Daneben gibt es aber auch noch 1,3 Millionen Hektar Privat- und Kommunalwald, den insgesamt 800 000 Eigentümer bewirtschaften. Der Privatwald bleibt in der Zuständigkeit des Landwirtschaftsministeriums. „Mit der Trennung der Zuständigkeiten“ werde „ein konsistentes Regierungshandeln erschwert“, sagt Günther Felßner, Präsident des Bayerischen Bauernverbandes, der die sogenannte Umressortierung „mit großem Erstaunen“ zur Kenntnis genommen hat. „Wichtig ist, dass die Forstverwaltung im Landwirtschaftsministerium weiterhin schlagkräftig bleibt.“

Müssen Gesetze geändert werden?

Ein Problem ist, dass sowohl im Bayerischen Waldgesetz als auch im Staatsforstengesetz jeweils das Staatsministerium für Ernährung, Landwirtschaft und Forsten als Aufsichts- oder Jagdbehörde genannt ist. Müssen jetzt alle Gesetze geändert werden – mit aufwendiger Behandlung in den Ausschüssen und im Landtag? Offenbar ist das nicht so. Möglich macht es das Bayerische Zuständigkeitsgesetz (es heißt wirklich so) von 2013. Demnach können Ressortwechsel durch die Staatsregierung mit einer einfachen Rechtsverordnung in allen Gesetzen nachvollzogen, die Ministeriums-Bezeichnungen also ausgetauscht werden. Die Zustimmung des Landtags ist hierfür nicht notwendig.

Was ändert sich inhaltlich?

Von Richard Mergner, Landesvorsitzender des Bund Naturschutzes in Bayern, hätte man sich fast mehr Alarmismus erwartet. Doch Mergner klingt ganz entspannt. Im Koalitionsvertrag sei nirgends festgehalten, dass das Bayerische Waldgesetz geändert werden solle. Es enthalte, so Mergner, den Grundsatz „Wald vor Wild“ und „genügend Sicherungen“ für eine naturnahe Waldbewirtschaftung. Etwas besorgter klingt Hans Ludwig Körner: „Ein wesentlicher Bestandteil der Waldbewirtschaftung ist die Jagd“, sagt der Geschäftsführer des Bayerischen Waldbesitzerverbands. Unter einem Jagdminister Aiwanger, der selbst Vorsitzender der Kreisgruppe Rottenburg im Bayerischen Jagdverband ist, werde „das Ringen um den naturnahen Waldumbau gewiss nicht einfacher“.

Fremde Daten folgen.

Theorem mainTheorem3 (F : finFieldType) (n : nat) (X : {vspace 'rV[F]_n.+1})
  (i j : nat) (c : flag F n) :
  (1 <= n)%N -> \dim X = 1%N ->
  (1 <= i <= n.+1)%N -> (1 <= j <= n.+1)%N ->
  is_max_flag c -> flag_type c X = i ->
  (#|[set d : flag F n | [&& is_max_flag d, flag_type d X == j & opposite c d]]|%:R : rat)
  = (if (i + j < n + 2)%N then 0
     else (#|F|%:R - 1 + (i + j == n + 2)%N%:R) *
          (#|F|%:R : rat) ^ (((n ^ 2 - n) %/ 2)%:Z + j%:Z - 2%:Z))%R.
Proof.
move=> _ dimX /andP [_ le_in] j_range max_c type_c.
have [j_gt0 le_jn] := andP j_range.
rewrite card_opposite_flags_of_type //.
rewrite !(card_opposite_flags_through dimX max_c) ?type_c //; try lia.
have -> : ((n ^ 2 - n) %/ 2)%N = 'C(n, 2) by rewrite bin2 -divn2 -subn1 mulnBr muln1.
by apply: diff_opposite_counts; [apply/card_gt0P; exists 0%R | |].
Qed.
(* Fix any constant $c > 0$. There exists an adaptive algorithm that, given $n$ items among which an unknown number $k$ are defective and accessed through noisy group tests as in the context, outputs $\bar k$ satisfying $\frac{\bar k}{2} \le k \le \bar k$ with probability $1 - O(n^{-c})$, using an average of $O(\log k \cdot \log n)$ tests. Moreover, for any fixed $\epsilon \in (0,1)$ there exists such an algorithm outputting $\bar k$ with $(1-\epsilon)\bar k \le k \le \bar k$ with probability $1-O(n^{-c})$, using an average of $O(\log k\cdot\log n)$ tests, where the implicit constant in the number of tests depends on $\epsilon$.
   Context: Noisy group test: a test is a subset (pool) of the items, and its outcome is $Y = U \oplus Z$, where $U=1$ if the pool contains at least one defective and $U=0$ otherwise, $Z\sim\mathrm{Bernoulli}(\rho)$ for a fixed $\rho \in (0,\frac12)$ independently across tests, and $\oplus$ is addition modulo 2. Tests may be chosen adaptively (depending on previous outcomes) and the number of tests may be random. Asymptotics are as $n\to\infty$. *)

From mathcomp Require Import all_boot.
From Stdlib Require Import Reals.

Set Implicit Arguments.
Unset Strict Implicit.
Unset Printing Implicit Defensive.

(* Items are 'I_n; the defective set is D : {set 'I_n}, k = #|D|.
   A pool is A : {set 'I_n}; U = 1 iff A meets D; Y = U xor Z with
   Z ~ Bernoulli(rho) independent across tests. *)

Inductive action (n : nat) : Type :=
| Test of {set 'I_n}
| Output of nat.

(* A history records, for each step taken so far, the index of the action
   chosen (among the algorithm's randomized options) and the observed test
   outcome. *)
Definition history := seq (nat * bool).

Definition strategy (n : nat) := history -> seq (R * action n).

Definition wsum {A : Type} (s : seq (R * A)) : R :=
  foldr (fun p acc => (p.1 + acc)%R) 0%R s.

Definition valid_strategy (n : nat) (alg : strategy n) : Prop :=
  forall h : history,
    List.Forall (fun p : R * action n => (0 <= p.1)%R) (alg h) /\
    wsum (alg h) = 1%R.

Definition pos_prob (rho : R) (n : nat) (D : {set 'I_n}) (A : {set 'I_n}) : R :=
  if [disjoint A & D] then rho else (1 - rho)%R.

Fixpoint halt_prob (rho : R) (n : nat) (D : {set 'I_n}) (alg : strategy n)
    (good : nat -> bool) (N : nat) (h : history) : R :=
  match N with
  | 0 => 0%R
  | N'.+1 =>
      let cs := alg h in
      foldr Rplus 0%R
        (map (fun ic : nat * (R * action n) =>
                let '(i, (w, a)) := ic in
                (w * match a with
                     | Output m => if good m then 1 else 0
                     | Test A =>
                         let q := pos_prob rho D A in
                         q * halt_prob rho D alg good N' (rcons h (i, true))
                         + (1 - q) * halt_prob rho D alg good N' (rcons h (i, false))
                     end)%R)
             (zip (iota 0 (size cs)) cs))
  end.

(* Expected number of tests performed among the first N steps, i.e.
   E[min(T, N)]-type truncation; its supremum over N is E[T]. *)
Fixpoint exp_tests (rho : R) (n : nat) (D : {set 'I_n}) (alg : strategy n)
    (N : nat) (h : history) : R :=
  match N with
  | 0 => 0%R
  | N'.+1 =>
      let cs := alg h in
      foldr Rplus 0%R
        (map (fun ic : nat * (R * action n) =>
                let '(i, (w, a)) := ic in
                (w * match a with
                     | Output _ => 0
                     | Test A =>
                         let q := pos_prob rho D A in
                         1 + q * exp_tests rho D alg N' (rcons h (i, true))
                         + (1 - q) * exp_tests rho D alg N' (rcons h (i, false))
                     end)%R)
             (zip (iota 0 (size cs)) cs))
  end.

Definition good_half (k kbar : nat) : bool := (kbar <= 2 * k) && (k <= kbar).

Definition good_eps (eps : R) (k kbar : nat) : bool :=
  if Rle_dec ((1 - eps) * INR kbar) (INR k) then (k <= kbar) else false.

(* The family alg (one strategy per n) is a valid algorithm which, for all
   large n and every defective set D (k = #|D|), uses on average
   O(log(k+2) * log n) tests and outputs a good estimate with probability
   at least 1 - O(n^{-c}) (probability = sup over N of halt_prob). *)
Definition achieves (rho c : R) (good : nat -> nat -> bool)
    (alg : forall n : nat, strategy n) : Prop :=
  (forall n, valid_strategy (alg n)) /\
  exists (C1 C2 : R) (n0 : nat),
    forall n : nat, (n0 <= n)%N -> forall D : {set 'I_n},
      (forall N : nat,
         (exp_tests rho D (alg n) N [::]
            <= C1 * ln (INR #|D| + 2) * ln (INR n))%R) /\
      (forall e : R, (0 < e)%R -> exists N : nat,
         (1 - C2 * Rpower (INR n) (- c) - e
            <= halt_prob rho D (alg n) (good #|D|) N [::])%R).

From mathcomp Require Import all_boot ssralg Rstruct zify.
From Stdlib Require Import Reals Lra Lia Psatz FunctionalExtensionality.

Set Implicit Arguments.
Unset Strict Implicit.
Unset Printing Implicit Defensive.

Import GRing.Theory.
Local Open Scope R_scope.

(* Stage j runs m tests on random pools containing each item independently
   with probability 1 - 2^(-1/T_j), where T_j = ratio^(j-1) and
   ratio = (1 - eps)^(-1/2).  Such a pool misses all k defectives with
   probability 2^(-k/T_j), so a test is positive with probability
   q_j = 1 - rho - (1 - 2 rho) 2^(-k/T_j), which is at most 1/2 when k <= T_j
   and at least 1/2 + gap when k >= ratio T_j.  The algorithm stops at the
   first stage whose fraction of positive tests is at most 1/2 + gap/2 and
   outputs the largest integer below ratio T_j; stopping at a stage with
   T_(j-1) < k < ratio T_j yields an estimate within a factor 1 - eps of k.
   An exponential (Chernoff) supermartingale shows that each of the
   J = O(log n) stages errs with probability at most e^(-rate m), which is
   O(n^(-c-1)) for m = Theta(log n).  A second supermartingale bounds the
   expected number of tests by m (2 + j0) whenever T_(j0) >= k, since each
   stage beyond j0 is entered with probability at most 1/2; here
   j0 = O(log k) and m = O(log n). *)

(** * Stopped chains driving a strategy *)

Section StoppedChain.
Variables (S : Type) (stopped : S -> bool) (q : S -> R) (step : S -> bool -> S).
Variables (output : S -> nat) (good : nat -> bool).

Fixpoint chain_success (N : nat) (s : S) : R :=
  match N with
  | 0 => 0
  | N'.+1 =>
      if stopped s then (if good (output s) then 1 else 0)
      else q s * chain_success N' (step s true)
           + (1 - q s) * chain_success N' (step s false)
  end.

Ähnlich sieht es der frühere Forstbeamte Hans Kornprobst aus dem Landkreis Miesbach. Er erinnert daran, dass schon beim Erlass des Bayerischen Waldgesetzes 1974 die Philosophie eines naturnahen Waldumbaus verankert wurde. Der damalige Minister Hans Eisenmann (CSU) ist eine Legende. Mit Blick auf heute warnt Kornprobst aber: „Ein Waldgesetz ist nur so gut, wie es vollzogen wird.“

Konkrete Sorge ist, dass Aiwanger in den oftmals schwelenden Streit um die Bedeutung der forstlichen Gutachten eingreift. „Wir prüfen gemeinsam mit allen betroffenen Verbänden, das forstliche Gutachten einvernehmlich weiterzuentwickeln und fachlich zu stärken“, heißt es dazu etwas schwammig im neuen Koalitionsvertrag – ähnlich stand es schon im alten Vertrag von 2018. Die Gutachten stellen alle drei Jahre für die 750 Hegegemeinschaften in Bayern fest, wie hoch der Verbiss ist und geben Empfehlungen zum Abschuss von Rehwild – was in vielen Revieren immer wieder Streit zwischen Förstern und Jägern verursacht.

Ob sich das jetzt ändert? Die Förster sind den Ämtern für Ernährung, Landwirtschaft und Forsten unterstellt, die Jäger haben jetzt Aiwanger als Schutzpatron. „Das könnte schon sein, dass da der Druck von außen steigt“, sagt ein Fachmann.